Of course, there were a lot of capable, very organised people on the grassroots
level who pushed back against all attempts by Donald Trump to tip the election
in his favour. There was the resistance against Donald Trump to oust him from
day one. But he fought back hard, fairly and unfairly, against all the criticism.
He’s tried to pass off lies as truths, even when he’s being
called out. He’s managed to assemble a coalition with the other Republicans who
might have been put off by the madness of his administration but still plumped
for him. That’s one reason why Republicans, although smaller in number, punch
above their weight politically as opposed to Democrats, who usually
underachieve due to infighting and whatnot. People are wondering why they did
that, and one possibility is what we’ve just seen in this one last week: they
want to be the ones still in control. If you’re the ones who are propping him
up, you’re also going to be the ones to decided when his political career is
finished.
One of the most remarkable things is that Fox News’ endorsement
of Trump is tepid. One of his greatest constituencies is Fox. If that deserts
him, then his ability to challenge the system is crippled. It’s what he relies
on for information and news, not official briefings. And Fox is made of two
parts. The News people, who generally have journalistic integrity, and the opinion
people, who are just happy to say whatever it is to make the Republican party
win election. and quite remarkably during this election campaign, the news
people have asserted their independence and got away with it. I think they’re
starting to think that destroying the integrity of the USA for the sake of
hopefully extending Donald Trump’s stay in the White house is not worth it. Perhaps
they already knew that they could stymie the Democrats for a really long time
and they were happy with that.
Interestingly enough, one of the states that Joe Biden flipped was Arizona. At first I thought that Arizona was getting flipped because of demographic changes. Then I realised that it wasn't so much that Arizona was going to the Democrats, as that Arizona was flipping the finger at Trump. They were still quite Republican, but they couldn't stand the things that Trump was saying about John McCain. And John McCain delivered another fuck you to Trump. (First was when he was sick and dying of brain cancer, but turned up in the Senate just to make sure that Donald Trump didn't manage to repeal Obamacare.) His widow, Cindy McCain was campaigning against Trump. The Red Indians were turning out for Biden. So it'll be a while yet before Arizona becomes a blue state.

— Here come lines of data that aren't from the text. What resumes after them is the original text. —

(* The singleton case avoids a trailing [Hrow] of the zero function, which
   would only bloat the entry computations below. *)
Fixpoint horner_entry (cs : seq R) (i j : nat) : R :=
  match cs with
  | [::] => 0
  | [:: c] => if i == j then c else 0
  | c :: cs' => (if i == j then c else 0) + Hrow (horner_entry cs') i j
  end.

Lemma mxhornerE cs : mxhorner cs H = \matrix_(i, j) horner_entry cs i j.
Proof.
elim: cs => [|c [|c' cs] IH]; first by apply/matrixP => i j; rewrite !mxE.
  rewrite mxhorner_cons [mxhorner [::] _]/= mulmx0 addr0; apply/matrixP => i j.
  by rewrite !mxE /= -val_eqE; case: (_ == _).
rewrite mxhorner_cons IH Hmat_mulmxE; apply/matrixP => i j.
by rewrite !mxE /= -val_eqE; case: (_ == _).
Qed.

Lemma Dn1 : Dn a 1 = 1.
Proof. by rewrite /Dn big_geq. Qed.

Lemma DnS n : Dn a n.+2 = Dn a n.+1 * (a + n.+1%:R).
Proof. by rewrite /Dn big_nat_recr. Qed.

Hypothesis a_gt0 : 0 < a.

Lemma Dn_gt0 n : 0 < Dn a n.
Proof. by rewrite /Dn prodr_gt0 // => k _; rewrite ltr_wpDr ?ler0n. Qed.

Lemma Dn_neq0 n : Dn a n != 0.
Proof. by rewrite gt_eqF ?Dn_gt0. Qed.

Lemma a_add_Sn_neq0 n : a + (1 + n%:R) != 0.
Proof. by rewrite gt_eqF // ltr_wpDr ?addr_ge0. Qed.

Definition theta (i : nat) : R := i`!%:R / Dn a i.+1.

Lemma theta_gt0 i : 0 < theta i.
Proof. by rewrite /theta divr_gt0 ?Dn_gt0 // ltr0n fact_gt0. Qed.

Lemma Theta0E : Theta0 N a = diag_mx (\row_i theta i).
Proof. by apply/matrixP => i j; rewrite !mxE eq_sym; case: eqP. Qed.

Lemma Hentry_detailed_balance (i j : nat) : Hentry j i * theta j = theta i * Hentry i j.
Proof.
rewrite /Hentry /theta.
have [->|ji] := eqVneq j i; first by rewrite mulrC.
have [->|ij] := eqVneq i j.+1.
  case: ifP => [/eqP|_]; first lia.
  by rewrite DnS factS natrM; field; rewrite ?Dn_neq0 ?a_add_Sn_neq0.
have [->|jS] := eqVneq j i.+1; last by rewrite mul0r mulr0.
by rewrite DnS factS natrM; field; rewrite ?Dn_neq0 ?a_add_Sn_neq0.
Qed.

Lemma intertwines_Theta0 : intertwines H (Theta0 N a).
Proof.
rewrite /intertwines Theta0E mul_diag_mx mul_mx_diag HmatE.
by apply/matrixP => i j; rewrite !mxE Hentry_detailed_balance.
Qed.

Lemma sym_Theta0 : sym_mx (Theta0 N a).
Proof. by rewrite /sym_mx Theta0E tr_diag_mx. Qed.

Lemma Theta0_mulmx_mxhornerE cs (i j : 'I_N) :
  (Theta0 N a *m mxhorner cs H) i j = theta i * horner_entry cs i j.
Proof. by rewrite Theta0E mul_diag_mx mxhornerE !mxE. Qed.

(* Resolve the guards innermost first, by [lia] when it decides them and by
   case analysis otherwise. *)
Ltac split_entry :=
  repeat match goal with
  | |- context [match ?b with true => ?x | false => ?y end] =>
      lazymatch x with context [if _ then _ else _] => fail | _ => idtac end;
      lazymatch y with context [if _ then _ else _] => fail | _ => idtac end;
      first [ rewrite (_ : b = true); last by lia
            | rewrite (_ : b = false); last by lia
            | case: (boolP b) => ?; try (exfalso; lia) ]
  end.

Lemma P1mat_laguerre : P1mat N a = Theta0 N a *m mxhorner [:: a + 1; -1] H.
Proof.
apply/matrixP => i j; rewrite Theta0_mulmx_mxhornerE !mxE /= /Hrow /Hentry /theta.
move: (ltn_ord j); rewrite -val_eqE /=; move: (nat_of_ord i) (nat_of_ord j) => {}i {}j.
have [-> _|ji] := eqVneq j i.
  by case: i => [|i]; rewrite /= ?Dn1; split_entry; field; rewrite ?Dn_neq0.
have [-> iN|jS jN] := eqVneq j i.+1.
  by split_entry; rewrite factS natrM; field; rewrite ?Dn_neq0.
have [->|iS] := eqVneq i j.+1.
  by split_entry; rewrite DnS factS natrM; field; rewrite ?Dn_neq0 ?a_add_Sn_neq0.
by split_entry; ring.
Qed.

(* The coefficients of the generalized Laguerre polynomial L_3^(a). *)
Definition laguerre3 : seq R :=
  [:: (a + 1) * (a + 2) * (a + 3) / 6; - ((a + 2) * (a + 3) / 2); (a + 3) / 2; - (1 / 6)].

Local Notation P3entry i j := (theta i * horner_entry laguerre3 i j).

Ltac laguerre3_entry :=
  rewrite /theta /horner_entry /= /Hrow /Hentry /=; split_entry;
  rewrite ?Dn1 ?fact0; field; rewrite ?Dn_neq0.

Lemma laguerre3_corner : (4 <= N)%N ->
  [/\ P3entry 0 0 = 0, P3entry 0 1 = 0, P3entry 0 2 = 0, P3entry 1 1 = 0
    & P3entry 0 3 = 1].
Proof. by move=> N4; split; laguerre3_entry. Qed.

Lemma laguerre3_diag n : (2 <= n)%N -> (n <= N - 1)%N ->
  P3entry n.-1 n.-1 = - ((2 * (n - 1) * (n - 2) * (n - 1)`!)%:R
                          * (3 * a + (5 * n - 6)%:R) / (3 * Dn a n)).
Proof.
case: n => [|[|m]] // _ mN; have {}mN : (m.+3 <= N)%N by lia.
have -> : (5 * m.+2 - 6 = 5 * m + 4)%N by lia.
by rewrite !subSS !subn0 /=; laguerre3_entry.
Qed.

Lemma laguerre3_superdiag n : (2 <= n)%N -> (n <= N - 2)%N ->
  P3entry n.-1 n = ((n - 1) * n`!)%:R * (a + (5 * n - 7)%:R) / (2 * Dn a n).
Proof.
case: n => [|[|m]] // _ mN; have {}mN : (m.+4 <= N)%N by lia.
have -> : (5 * m.+2 - 7 = 5 * m + 3)%N by lia.
by rewrite /theta !subSS subn0 /= !factS !natrM; laguerre3_entry.
Qed.

Lemma laguerre3_superdiag2 n : (2 <= n)%N -> (n <= N - 2)%N ->
  P3entry n.-1 n.+1 = - (((n - 1) * n.+1`!)%:R / Dn a n).
Proof.
case: n => [|[|m]] // _ mN; have {}mN : (m.+4 <= N)%N by lia.
by rewrite /theta !subSS subn0 /= !factS !natrM; laguerre3_entry.
Qed.

Lemma laguerre3_superdiag3 n : (2 <= n)%N -> (n <= N - 3)%N ->
  P3entry n.-1 n.+2 = n.+2`!%:R / (6 * Dn a n).
Proof.
case: n => [|[|m]] // _ mN; have {}mN : (m.+4 < N)%N by lia.
by rewrite /theta /= !factS !natrM; laguerre3_entry.
Qed.

Lemma P3_entries_laguerre3 : (4 <= N)%N ->
  P3_entries a (Theta0 N a *m mxhorner laguerre3 H).
Proof.
move=> N4; have [e00 e01 e02 e11 e03] := laguerre3_corner N4.
do 5?[split; first by move=> i j i0 j0; rewrite Theta0_mulmx_mxhornerE i0 j0].
do 3?split; move=> i j n ji n2 nN; rewrite Theta0_mulmx_mxhornerE ji.
- exact: laguerre3_diag n2 nN.
- exact: laguerre3_superdiag n2 nN.
- exact: laguerre3_superdiag2 n2 nN.
- exact: laguerre3_superdiag3 n2 nN.
Qed.

End LaguerreMetric.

I’ve had to deal with their warped logic from day one, but
there were times when I asked one of them point blank to explain to me the
difference between 1 million and 1 trillion, and I couldn’t get a straight
answer. Which means they could be reading a news item that says that the US
made a payment to Iran for a few million dollars, and that the federal deficit
is in the trillions, and they couldn’t place those two news items in context.
I couldn’t really tell if they were really stupid, or they
were pretending to be stupid. My housemate usually listened to a lot of
conservative talk show radio, but always turned it off whenever I was around.
And a lot of the supporters are always saying that he’s speaking the truth
while all the other politicians are lying. They are looking at his crudeness
and his bluntness, and they’re mistaking it for honesty and frankness. After
talking to them for years, I have learnt that bullshit is an extremely powerful
force. No matter how wild or crazy your worldview is, it is possible to
assemble something together some seemingly plausible story from all that, and all
the craziness is confined to one or two arcane (but very significant) details.